Task » Each line of the listing that includes the string "vnorm" needs to be located and copied.

Data provided »
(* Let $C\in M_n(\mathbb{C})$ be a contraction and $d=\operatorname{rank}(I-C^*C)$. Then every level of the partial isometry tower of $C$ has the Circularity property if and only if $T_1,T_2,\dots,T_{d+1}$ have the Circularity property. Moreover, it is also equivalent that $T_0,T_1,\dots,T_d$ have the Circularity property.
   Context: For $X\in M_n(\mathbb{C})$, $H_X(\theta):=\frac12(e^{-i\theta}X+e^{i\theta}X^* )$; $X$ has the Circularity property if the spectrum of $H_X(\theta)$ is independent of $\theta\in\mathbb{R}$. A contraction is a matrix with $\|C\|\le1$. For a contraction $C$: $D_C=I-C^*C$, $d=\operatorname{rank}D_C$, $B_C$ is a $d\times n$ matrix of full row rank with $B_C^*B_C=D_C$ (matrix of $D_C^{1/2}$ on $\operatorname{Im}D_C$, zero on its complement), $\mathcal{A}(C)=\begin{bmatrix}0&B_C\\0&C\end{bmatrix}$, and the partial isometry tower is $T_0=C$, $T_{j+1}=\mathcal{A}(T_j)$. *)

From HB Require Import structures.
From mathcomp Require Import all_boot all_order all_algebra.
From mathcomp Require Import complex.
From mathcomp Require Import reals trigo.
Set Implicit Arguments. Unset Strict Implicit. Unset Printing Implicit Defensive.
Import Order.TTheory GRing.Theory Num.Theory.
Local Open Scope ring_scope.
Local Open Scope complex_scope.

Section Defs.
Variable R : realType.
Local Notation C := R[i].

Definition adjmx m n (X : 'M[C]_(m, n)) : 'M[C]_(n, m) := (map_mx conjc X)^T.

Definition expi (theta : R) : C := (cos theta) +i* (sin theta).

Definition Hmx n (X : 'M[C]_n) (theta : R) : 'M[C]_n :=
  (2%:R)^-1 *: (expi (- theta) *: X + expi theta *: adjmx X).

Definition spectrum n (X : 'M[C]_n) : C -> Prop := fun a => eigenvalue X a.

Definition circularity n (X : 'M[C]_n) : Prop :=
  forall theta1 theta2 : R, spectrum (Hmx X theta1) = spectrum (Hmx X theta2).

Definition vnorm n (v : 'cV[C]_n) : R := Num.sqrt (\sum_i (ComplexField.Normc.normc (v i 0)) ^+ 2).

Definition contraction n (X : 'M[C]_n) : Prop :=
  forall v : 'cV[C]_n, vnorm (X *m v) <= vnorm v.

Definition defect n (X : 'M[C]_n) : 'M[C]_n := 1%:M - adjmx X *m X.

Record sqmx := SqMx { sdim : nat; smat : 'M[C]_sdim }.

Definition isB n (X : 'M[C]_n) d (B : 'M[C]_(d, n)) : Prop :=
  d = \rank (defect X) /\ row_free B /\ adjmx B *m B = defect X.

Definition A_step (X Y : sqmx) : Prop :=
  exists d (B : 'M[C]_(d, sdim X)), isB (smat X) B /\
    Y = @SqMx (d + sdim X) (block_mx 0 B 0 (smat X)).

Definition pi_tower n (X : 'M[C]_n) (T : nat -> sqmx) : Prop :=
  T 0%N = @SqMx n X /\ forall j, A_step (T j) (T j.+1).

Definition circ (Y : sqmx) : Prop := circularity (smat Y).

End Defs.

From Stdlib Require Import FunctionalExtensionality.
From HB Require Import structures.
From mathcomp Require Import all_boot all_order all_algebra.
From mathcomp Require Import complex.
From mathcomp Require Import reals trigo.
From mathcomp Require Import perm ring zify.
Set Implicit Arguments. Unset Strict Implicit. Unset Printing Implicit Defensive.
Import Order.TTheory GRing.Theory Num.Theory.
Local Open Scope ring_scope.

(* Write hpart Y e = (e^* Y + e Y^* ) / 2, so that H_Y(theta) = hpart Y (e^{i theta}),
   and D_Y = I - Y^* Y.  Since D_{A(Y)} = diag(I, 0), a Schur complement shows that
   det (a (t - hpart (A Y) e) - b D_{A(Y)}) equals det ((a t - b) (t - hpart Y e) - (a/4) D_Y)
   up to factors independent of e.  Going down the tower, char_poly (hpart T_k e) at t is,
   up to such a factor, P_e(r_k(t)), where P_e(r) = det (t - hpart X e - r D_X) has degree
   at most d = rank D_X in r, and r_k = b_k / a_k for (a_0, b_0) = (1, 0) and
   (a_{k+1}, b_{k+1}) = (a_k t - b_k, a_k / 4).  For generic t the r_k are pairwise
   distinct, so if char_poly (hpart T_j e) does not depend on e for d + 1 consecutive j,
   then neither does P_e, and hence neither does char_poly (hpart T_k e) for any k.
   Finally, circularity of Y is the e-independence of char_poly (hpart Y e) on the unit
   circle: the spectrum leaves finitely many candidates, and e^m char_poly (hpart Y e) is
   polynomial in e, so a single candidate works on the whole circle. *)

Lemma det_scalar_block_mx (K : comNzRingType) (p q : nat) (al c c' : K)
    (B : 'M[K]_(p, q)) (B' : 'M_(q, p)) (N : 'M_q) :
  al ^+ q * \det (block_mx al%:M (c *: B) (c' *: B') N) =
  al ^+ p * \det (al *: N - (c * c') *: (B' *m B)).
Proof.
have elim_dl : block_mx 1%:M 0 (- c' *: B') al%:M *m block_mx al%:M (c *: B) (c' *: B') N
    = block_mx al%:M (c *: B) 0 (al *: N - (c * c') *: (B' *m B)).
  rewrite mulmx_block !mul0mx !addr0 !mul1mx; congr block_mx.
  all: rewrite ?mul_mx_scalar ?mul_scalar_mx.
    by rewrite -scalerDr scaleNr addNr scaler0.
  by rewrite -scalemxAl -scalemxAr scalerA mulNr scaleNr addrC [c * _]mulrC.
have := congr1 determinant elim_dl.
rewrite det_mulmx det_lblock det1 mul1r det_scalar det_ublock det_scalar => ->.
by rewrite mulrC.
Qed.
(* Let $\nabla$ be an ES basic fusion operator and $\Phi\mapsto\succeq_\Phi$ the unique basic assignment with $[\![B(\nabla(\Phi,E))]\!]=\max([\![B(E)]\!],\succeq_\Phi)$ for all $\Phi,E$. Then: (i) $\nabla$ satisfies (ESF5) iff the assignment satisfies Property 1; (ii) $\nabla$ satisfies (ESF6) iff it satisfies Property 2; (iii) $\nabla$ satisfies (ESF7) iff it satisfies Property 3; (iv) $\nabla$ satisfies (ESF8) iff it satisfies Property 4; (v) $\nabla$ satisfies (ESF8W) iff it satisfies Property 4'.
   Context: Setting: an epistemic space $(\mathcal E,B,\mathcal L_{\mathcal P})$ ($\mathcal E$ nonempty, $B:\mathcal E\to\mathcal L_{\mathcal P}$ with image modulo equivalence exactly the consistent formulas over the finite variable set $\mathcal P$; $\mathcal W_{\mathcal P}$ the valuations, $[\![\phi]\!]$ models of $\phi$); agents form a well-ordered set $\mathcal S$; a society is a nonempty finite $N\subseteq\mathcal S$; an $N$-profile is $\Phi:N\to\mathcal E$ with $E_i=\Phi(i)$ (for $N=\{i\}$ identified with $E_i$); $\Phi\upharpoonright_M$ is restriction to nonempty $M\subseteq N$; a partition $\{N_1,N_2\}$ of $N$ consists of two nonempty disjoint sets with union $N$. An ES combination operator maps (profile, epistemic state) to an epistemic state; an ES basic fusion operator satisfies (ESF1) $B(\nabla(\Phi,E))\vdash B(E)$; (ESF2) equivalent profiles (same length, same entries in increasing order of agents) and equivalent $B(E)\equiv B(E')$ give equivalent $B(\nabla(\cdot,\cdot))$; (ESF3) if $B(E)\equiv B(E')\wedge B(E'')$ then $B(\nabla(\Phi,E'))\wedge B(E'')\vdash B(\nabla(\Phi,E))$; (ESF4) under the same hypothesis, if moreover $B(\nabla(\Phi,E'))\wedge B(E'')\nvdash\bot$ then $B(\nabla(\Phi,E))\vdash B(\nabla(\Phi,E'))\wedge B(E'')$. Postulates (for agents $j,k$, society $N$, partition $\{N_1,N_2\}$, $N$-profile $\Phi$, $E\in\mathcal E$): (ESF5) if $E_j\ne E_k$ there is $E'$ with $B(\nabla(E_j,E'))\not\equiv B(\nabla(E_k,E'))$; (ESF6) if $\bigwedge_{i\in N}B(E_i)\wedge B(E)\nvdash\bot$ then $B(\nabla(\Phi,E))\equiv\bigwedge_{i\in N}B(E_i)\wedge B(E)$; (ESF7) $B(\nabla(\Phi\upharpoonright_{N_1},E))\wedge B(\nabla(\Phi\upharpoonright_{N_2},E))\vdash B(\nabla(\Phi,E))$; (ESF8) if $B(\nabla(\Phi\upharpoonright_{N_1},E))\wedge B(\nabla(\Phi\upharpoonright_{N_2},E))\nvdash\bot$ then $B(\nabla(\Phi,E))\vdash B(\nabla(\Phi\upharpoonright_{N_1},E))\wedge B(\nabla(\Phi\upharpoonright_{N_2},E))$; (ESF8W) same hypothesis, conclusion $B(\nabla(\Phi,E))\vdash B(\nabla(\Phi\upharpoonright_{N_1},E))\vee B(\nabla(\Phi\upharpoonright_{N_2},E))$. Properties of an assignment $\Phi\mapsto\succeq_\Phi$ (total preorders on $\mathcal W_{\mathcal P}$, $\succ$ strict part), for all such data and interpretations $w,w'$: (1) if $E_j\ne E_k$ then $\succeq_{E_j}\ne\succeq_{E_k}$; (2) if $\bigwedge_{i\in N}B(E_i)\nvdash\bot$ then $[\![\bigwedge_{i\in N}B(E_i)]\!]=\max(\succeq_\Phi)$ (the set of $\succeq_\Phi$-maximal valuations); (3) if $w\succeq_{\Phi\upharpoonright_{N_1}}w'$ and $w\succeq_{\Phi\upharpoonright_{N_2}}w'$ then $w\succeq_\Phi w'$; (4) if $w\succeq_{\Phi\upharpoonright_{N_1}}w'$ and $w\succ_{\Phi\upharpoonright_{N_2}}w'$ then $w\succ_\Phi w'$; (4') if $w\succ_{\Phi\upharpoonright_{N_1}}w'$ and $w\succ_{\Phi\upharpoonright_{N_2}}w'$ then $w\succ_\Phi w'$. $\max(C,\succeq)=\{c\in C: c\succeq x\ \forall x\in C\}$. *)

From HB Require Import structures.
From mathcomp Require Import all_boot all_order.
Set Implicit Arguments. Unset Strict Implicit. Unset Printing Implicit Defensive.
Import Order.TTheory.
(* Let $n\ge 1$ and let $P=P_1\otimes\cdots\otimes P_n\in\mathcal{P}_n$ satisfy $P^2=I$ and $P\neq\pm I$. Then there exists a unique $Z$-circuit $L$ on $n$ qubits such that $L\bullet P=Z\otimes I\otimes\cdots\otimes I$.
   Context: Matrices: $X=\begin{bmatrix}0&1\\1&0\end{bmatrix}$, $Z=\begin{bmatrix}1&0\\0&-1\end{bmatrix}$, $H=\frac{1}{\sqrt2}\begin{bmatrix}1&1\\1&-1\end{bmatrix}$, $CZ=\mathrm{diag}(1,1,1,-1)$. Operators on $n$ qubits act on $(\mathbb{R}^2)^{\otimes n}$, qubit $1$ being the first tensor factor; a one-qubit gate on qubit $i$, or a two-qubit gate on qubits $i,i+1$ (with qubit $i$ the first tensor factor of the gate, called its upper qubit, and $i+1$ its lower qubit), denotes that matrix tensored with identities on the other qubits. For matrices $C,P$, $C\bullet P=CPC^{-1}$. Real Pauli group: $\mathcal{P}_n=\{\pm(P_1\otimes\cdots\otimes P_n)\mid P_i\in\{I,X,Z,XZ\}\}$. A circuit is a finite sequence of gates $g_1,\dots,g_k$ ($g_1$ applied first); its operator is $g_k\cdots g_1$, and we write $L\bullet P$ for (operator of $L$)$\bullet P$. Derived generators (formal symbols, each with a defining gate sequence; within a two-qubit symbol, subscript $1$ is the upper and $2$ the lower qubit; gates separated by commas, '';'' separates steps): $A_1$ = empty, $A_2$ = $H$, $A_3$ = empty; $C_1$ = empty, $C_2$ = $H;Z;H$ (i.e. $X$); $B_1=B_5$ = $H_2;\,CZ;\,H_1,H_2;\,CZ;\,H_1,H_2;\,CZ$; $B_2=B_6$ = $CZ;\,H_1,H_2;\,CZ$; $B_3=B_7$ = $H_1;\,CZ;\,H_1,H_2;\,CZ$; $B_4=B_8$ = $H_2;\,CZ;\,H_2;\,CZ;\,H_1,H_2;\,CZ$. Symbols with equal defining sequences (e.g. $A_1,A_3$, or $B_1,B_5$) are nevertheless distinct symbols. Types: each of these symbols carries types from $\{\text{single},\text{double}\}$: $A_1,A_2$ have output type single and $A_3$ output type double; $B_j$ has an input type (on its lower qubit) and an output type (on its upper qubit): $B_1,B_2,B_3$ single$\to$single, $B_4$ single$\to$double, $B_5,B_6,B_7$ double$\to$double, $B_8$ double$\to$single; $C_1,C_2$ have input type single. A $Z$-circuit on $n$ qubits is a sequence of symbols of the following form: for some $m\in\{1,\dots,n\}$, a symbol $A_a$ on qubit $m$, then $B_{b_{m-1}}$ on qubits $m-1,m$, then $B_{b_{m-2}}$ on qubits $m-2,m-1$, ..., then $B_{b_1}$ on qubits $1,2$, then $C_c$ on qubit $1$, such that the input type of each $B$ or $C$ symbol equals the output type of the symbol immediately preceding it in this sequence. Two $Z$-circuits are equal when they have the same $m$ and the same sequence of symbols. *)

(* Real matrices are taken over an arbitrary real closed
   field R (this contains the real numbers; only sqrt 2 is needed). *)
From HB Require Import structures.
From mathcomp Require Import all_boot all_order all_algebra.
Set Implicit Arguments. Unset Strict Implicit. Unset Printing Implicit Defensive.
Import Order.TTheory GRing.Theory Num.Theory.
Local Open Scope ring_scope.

Response below »
Definition vnorm n (v : 'cV[C]_n) : R := Num.sqrt (\sum_i (ComplexField.Normc.normc (v i 0)) ^+ 2).
  forall v : 'cV[C]_n, vnorm (X *m v) <= vnorm v.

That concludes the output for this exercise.